When I was a child, my mother worked. She was a minister, and juggled working from home with working from a church office; we kids juggled playing at home with cooling our heels in the church hall. During the week, she made phone calls while stirring pasta sauce, held meetings in the lounge room, and ran around frantically Getting Things Done. But Sundays were the worst. While other kids fooled around and went out for lunch, we hung around after church while she had just one more, and one more, and one more conversation. If we had the temerity to stand near her or, god forbid, tug her skirt, we'd be resolutely ignored; then later we'd have The Conversation about how this was mummy's work and we had to let her be. All very well, but my sister and I were stuck there too, just waiting, waiting for mummy.
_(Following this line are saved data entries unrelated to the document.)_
(* Let $R$ be a principal ideal domain and let $\mathcal A$ be the category of finitely generated $R$-modules. Then the thick subcategories, the wide subcategories and the Serre subcategories of $\mathcal A$ coincide: they are exactly $\mathcal A$ itself and, for each subset $S$ of the maximal primes of $R$, the full subcategory of finitely generated $S$-torsion modules. These subcategories are in bijection with the specialisation closed subsets of $\mathrm{Spec}(R)$.
   Context: A full additive subcategory $\mathcal C$ of $\mathcal A$ is triangulated if whenever two of the three terms of a short exact sequence in $\mathcal A$ belong to $\mathcal C$, so does the third; it is thick if it is triangulated and closed under direct summands. A wide subcategory is a full subcategory that is abelian (closed under kernels and cokernels) and closed under extensions; a Serre subcategory is a wide subcategory closed under submodules and quotient modules. A finitely generated module is $S$-torsion if it is torsion and its $p$-primary component (elements annihilated by a power of $p$) is zero for every prime $p\notin S$. A subset of $\mathrm{Spec}(R)$ is specialisation closed if it is a union of Zariski-closed subsets. *)

From HB Require Import structures.
From mathcomp Require Import all_boot all_order all_algebra.
Set Implicit Arguments. Unset Strict Implicit. Unset Printing Implicit Defensive.
Import GRing.Theory.
Local Open Scope ring_scope.

Section Defs.
Variable R : idomainType.

Definition dvd (a b : R) : Prop := exists c, b = c * a.

Definition is_ideal (I : R -> Prop) : Prop :=
  I 0 /\ (forall x y, I x -> I y -> I (x + y)) /\ (forall r x, I x -> I (r * x)).

Definition is_PID : Prop :=
  forall I, is_ideal I -> exists a, forall x, I x <-> dvd a x.

Definition is_prime_ideal (P : R -> Prop) : Prop :=
  is_ideal P /\ ~ P 1 /\ (forall a b, P (a * b) -> P a \/ P b).

Definition is_maximal_ideal (P : R -> Prop) : Prop :=
  is_ideal P /\ ~ P 1 /\
  (forall J, is_ideal J -> (forall x, P x -> J x) -> (forall x, J x -> P x) \/ J 1).

Definition is_prime_elt (p : R) : Prop :=
  p != 0 /\ ~ (p \is a GRing.unit) /\ (forall a b, dvd p (a * b) -> dvd p a \/ dvd p b).

(* subsets of Spec R are predicates on (prime) ideals, compared extensionally *)
Definition Vset (I : R -> Prop) (P : R -> Prop) : Prop :=
  is_prime_ideal P /\ forall x, I x -> P x.

(* T is a union of Zariski-closed subsets V(I) of Spec R *)
Definition spec_closed (T : (R -> Prop) -> Prop) : Prop :=
  (forall P, T P -> is_prime_ideal P) /\
  (forall P, T P -> exists I, is_ideal I /\ Vset I P /\ (forall Q, Vset I Q -> T Q)).

Definition same_specset (T1 T2 : (R -> Prop) -> Prop) : Prop :=
  forall P, is_prime_ideal P -> (T1 P <-> T2 P).

Definition lin (M N : lmodType R) (f : M -> N) : Prop :=
  forall (a : R) (x y : M), f (a *: x + y) = a *: f x + f y.

Definition fin_gen (M : lmodType R) : Prop :=
  exists n (v : 'I_n -> M), forall m : M, exists a : 'I_n -> R, m = \sum_(i < n) a i *: v i.

Definition iso (M N : lmodType R) : Prop :=
  exists f : M -> N, lin f /\ bijective f.

(* a subcategory (of all modules) given by its class of objects *)
Definition subcat := lmodType R -> Prop.

Definition same_subcat (C D : subcat) : Prop := forall M, C M <-> D M.

Definition fgA : subcat := fun M => fin_gen M.

Definition full_additive (C : subcat) : Prop :=
  (forall M, C M -> fin_gen M) /\
  (forall M N : lmodType R, iso M N -> C M -> C N) /\
  (forall M : lmodType R, (forall x : M, x = 0) -> C M) /\
  (forall M N : lmodType R, C M -> C N -> C (M * N)%type).

Definition ses (M1 M2 M3 : lmodType R) (f : M1 -> M2) (g : M2 -> M3) : Prop :=
  fin_gen M1 /\ fin_gen M2 /\ fin_gen M3 /\
  lin f /\ lin g /\ injective f /\ (forall z, exists y, g y = z) /\
  (forall y, g y = 0 <-> exists x, y = f x).

Definition two_of_three (C : subcat) : Prop :=
  forall (M1 M2 M3 : lmodType R) (f : M1 -> M2) (g : M2 -> M3), ses f g ->
    ((C M1 -> C M2 -> C M3) /\ (C M1 -> C M3 -> C M2) /\ (C M2 -> C M3 -> C M1)).

Definition triangulated (C : subcat) : Prop := full_additive C /\ two_of_three C.

Definition thick (C : subcat) : Prop :=
  triangulated C /\ (forall M N : lmodType R, C (M * N)%type -> C M).

Definition is_kernel (M N K : lmodType R) (f : M -> N) (k : K -> M) : Prop :=
  lin k /\ injective k /\ (forall x, f x = 0 <-> exists z, x = k z).
Definition is_cokernel (M N Q : lmodType R) (f : M -> N) (q : N -> Q) : Prop :=
  lin q /\ (forall z, exists y, q y = z) /\ (forall y, q y = 0 <-> exists x, y = f x).

Definition wide (C : subcat) : Prop :=
  full_additive C /\
  (forall (M N K : lmodType R) (f : M -> N) (k : K -> M),
      C M -> C N -> lin f -> is_kernel f k -> C K) /\
  (forall (M N Q : lmodType R) (f : M -> N) (q : N -> Q),
      C M -> C N -> lin f -> is_cokernel f q -> C Q) /\
  (forall (M1 M2 M3 : lmodType R) (f : M1 -> M2) (g : M2 -> M3),
      ses f g -> C M1 -> C M3 -> C M2).

Definition serre (C : subcat) : Prop :=
  wide C /\
  (forall (N M : lmodType R) (i : N -> M), lin i -> injective i -> C M -> C N) /\
  (forall (M N : lmodType R) (q : M -> N), lin q -> (forall z, exists y, q y = z) -> C M -> C N).

Definition torsion (M : lmodType R) : Prop :=
  forall m : M, exists r : R, r != 0 /\ r *: m = 0.

Definition in_S (S : (R -> Prop) -> Prop) (p : R) : Prop :=
  exists P, S P /\ forall x, P x <-> dvd p x.

Definition S_torsion (S : (R -> Prop) -> Prop) : subcat := fun M =>
  fin_gen M /\ torsion M /\
  forall p, is_prime_elt p -> ~ in_S S p ->
    forall m : M, (exists n : nat, p ^+ n *: m = 0) -> m = 0.

End Defs.

(* Over a PID every finitely generated module is an iterated extension of
   cyclic modules R/(c), so a thick subcategory C is governed by the cyclic
   modules it contains.  If some M in C is not torsion, a nonzero functional
   on M has image (c) with c != 0, so R is a direct summand of M; then every
   R/(c) lies in C, as the cokernel of multiplication by c on R, and C is all
   of A.  Otherwise C consists of torsion modules.  If some M in C has nonzero
   p-torsion, its p-primary part splits off, and from it a summand
   R/(p^(j+1)); the extension 0 -> R/(p^(j+1)) -> R/(p) x R/(p^(2j+1)) ->
   R/(p^(j+1)) -> 0 then puts R/(p) in C.  Conversely, once R/(p) is in C for
   the primes p of S, induction along the factorisation of c puts every
   S-torsion R/(c) in C.  So C is A or the S-torsion modules for
   S = {(p) | R/(p) in C}; both classes are Serre.  Sending A to Spec(R) =
   V(0) and the S-torsion modules to S matches them with the specialisation
   closed subsets, as those not containing (0) consist of maximal ideals. *)

From HB Require Import structures.
From mathcomp Require Import all_boot all_order all_algebra.
From mathcomp Require Import boolp.
From mathcomp Require Import ring.
Set Implicit Arguments. Unset Strict Implicit. Unset Printing Implicit Defensive.
Import GRing.Theory.
Local Open Scope ring_scope.

Lemma not_Acc_descending (T : Type) (rel : T -> T -> Prop) (c : T) :
  ~ Acc rel c -> exists s : nat -> T, forall n, rel (s n.+1) (s n).
Proof.
move=> nAc.
have step x : ~ Acc rel x -> exists y, rel y x /\ ~ Acc rel y.
  move=> nAx; apply: contrapT => nstep; apply: nAx; constructor => y rel_yx.
  by apply: contrapT => nAy; apply: nstep; exists y.
have next (w : {z | ~ Acc rel z}) : {w' : {z | ~ Acc rel z} | rel (sval w') (sval w)}.
  by have [y [rel_yx nAy]] := cid (step _ (svalP w)); exists (exist _ y nAy).
exists (fun n => sval (iter n (fun w => sval (next w)) (exist _ c nAc))) => n.
by rewrite iterS; exact: (svalP (next _)).
Qed.

Section Divisibility.
Variable R : idomainType.
Implicit Types a b c d e p r s u v x y : R.

Lemma dvd_refl a : dvd a a. Proof. by exists 1; rewrite mul1r. Qed.
Lemma dvd0 a : dvd a 0. Proof. by exists 0; rewrite mul0r. Qed.
Lemma dvd_trans a b c : dvd a b -> dvd b c -> dvd a c.
Proof. by move=> [k ->] [l ->]; exists (l * k); rewrite mulrA. Qed.
Lemma dvd_mull a b c : dvd a b -> dvd a (c * b).
Proof. by move=> [k ->]; exists (c * k); rewrite mulrA. Qed.
Lemma dvd_mul_l a b : dvd a (b * a). Proof. by exists b. Qed.
Lemma dvd_mul_r a b : dvd a (a * b). Proof. by exists b; rewrite mulrC. Qed.
Lemma dvdD a b c : dvd a b -> dvd a c -> dvd a (b + c).
Proof. by move=> [k ->] [l ->]; exists (k + l); rewrite mulrDl. Qed.
Lemma dvdN a b : dvd a b -> dvd a (- b).
Proof. by move=> [k ->]; exists (- k); rewrite mulNr. Qed.
Lemma dvdB a b c : dvd a b -> dvd a c -> dvd a (b - c).
Proof. by move=> h1 h2; apply: dvdD => //; apply: dvdN. Qed.
Lemma dvd1_unit a : dvd a 1 <-> a \is a GRing.unit.
Proof.
split=> [[k e]|h]; first by apply/unitrP; exists k; split=> //; rewrite mulrC.
by exists a^-1; rewrite mulVr.
Qed.
Lemma unit_dvd a b : a \is a GRing.unit -> dvd a b.
Proof. by move=> /dvd1_unit h; apply: (dvd_trans h); exists b; rewrite mulr1. Qed.
Lemma dvd_mul2r a b c : c != 0 -> dvd (a * c) (b * c) -> dvd a b.
Proof. by move=> c0 [k]; rewrite mulrA => /(mulIf c0) ->; apply: dvd_mul_l. Qed.
Lemma dvd_mul2l a b c : c != 0 -> dvd (c * a) (c * b) -> dvd a b.
Proof. by move=> c0; rewrite ![c * _]mulrC; apply: dvd_mul2r. Qed.
Lemma dvd_mulr2 a b c : dvd a b -> dvd (a * c) (b * c).
Proof. by move=> [k ->]; exists k; rewrite mulrA. Qed.

Lemma dvd_ideal a : is_ideal (dvd a).
Proof.
split; first exact: dvd0.
by split=> [x y|r x]; [apply: dvdD | apply: dvd_mull].
Qed.

Lemma zero_ideal : is_ideal (fun x : R => x = 0).
Proof. by split=> //; split=> [x y -> ->|r x ->]; rewrite ?addr0 ?mulr0. Qed.

Lemma zero_prime_ideal : is_prime_ideal (fun x : R => x = 0).
Proof.
split; first exact: zero_ideal.
split; first by move/eqP; rewrite oner_eq0.
by move=> a b /eqP; rewrite mulf_eq0 => /orP [] /eqP; [left|right].
Qed.

Lemma prime_elt_ideal p : is_prime_elt p -> is_prime_ideal (dvd p).
Proof.
move=> [p0 [pu pp]]; split; first exact: dvd_ideal.
by split; [move/dvd1_unit|].
Qed.

Definition coprimer a b := exists u v, u * a + v * b = 1.

Lemma coprimer_sym a b : coprimer a b -> coprimer b a.
Proof. by move=> [u [v e]]; exists v, u; rewrite addrC. Qed.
A more gentle sort of waiting is encapsulated in the beautifully understated book, Waiting for Mummy by Tae-Jun Lee and Dong-Sung Kim. In this story, a little boy waits at a tram stop, 'nose flaming red', for the tram which will bring his mother home. As tram after tram goes by with no mummy, the boy exchanges a few words with each driver, leans on a pole, drags a stick along the ground, or just squats. The resolution, when it comes, is wordless and requires the reader to examine closely a picture of a town blanketed in falling snow; this restraint lends the story great strength.
The illustrations are exquisite. They remind me of the gentler forms of manga, or perhaps the rich imagery in Miyazaki's brilliant film, Spirited Away: trams swoop dreamily out of the sky, the sea, and the trees. Just as I saw the world as a child, here the landscape looms in mysterious form and reality is far richer and more layered than adults comprehend. Trams and adults and steps are enormous, snow falls out of a yellow sky, and a little boy's hands go red with cold. In the background are soft images of a traditional Korean town: many-storied shops, men hauling goods on bicycles, and women with baskets on their heads.
My sister bought the book for us to read, but as I, like my mother, juggle other commitments along with child-rearing, my children find no small resonance with the story. After all, they too wait for mummy, and no doubt will do so until they are mummies themselves.
Waiting for Mummy is a pearl, but especially for the child whose mother works out of the home. It gives dignity and beauty to the experience of waiting – and reminds the parent just how patient our children can be.
> Tae-Jun Lee and Dong-Sung Kim Waiting for Mummy (Elwood, Vic: Wilkins Farago, 2006).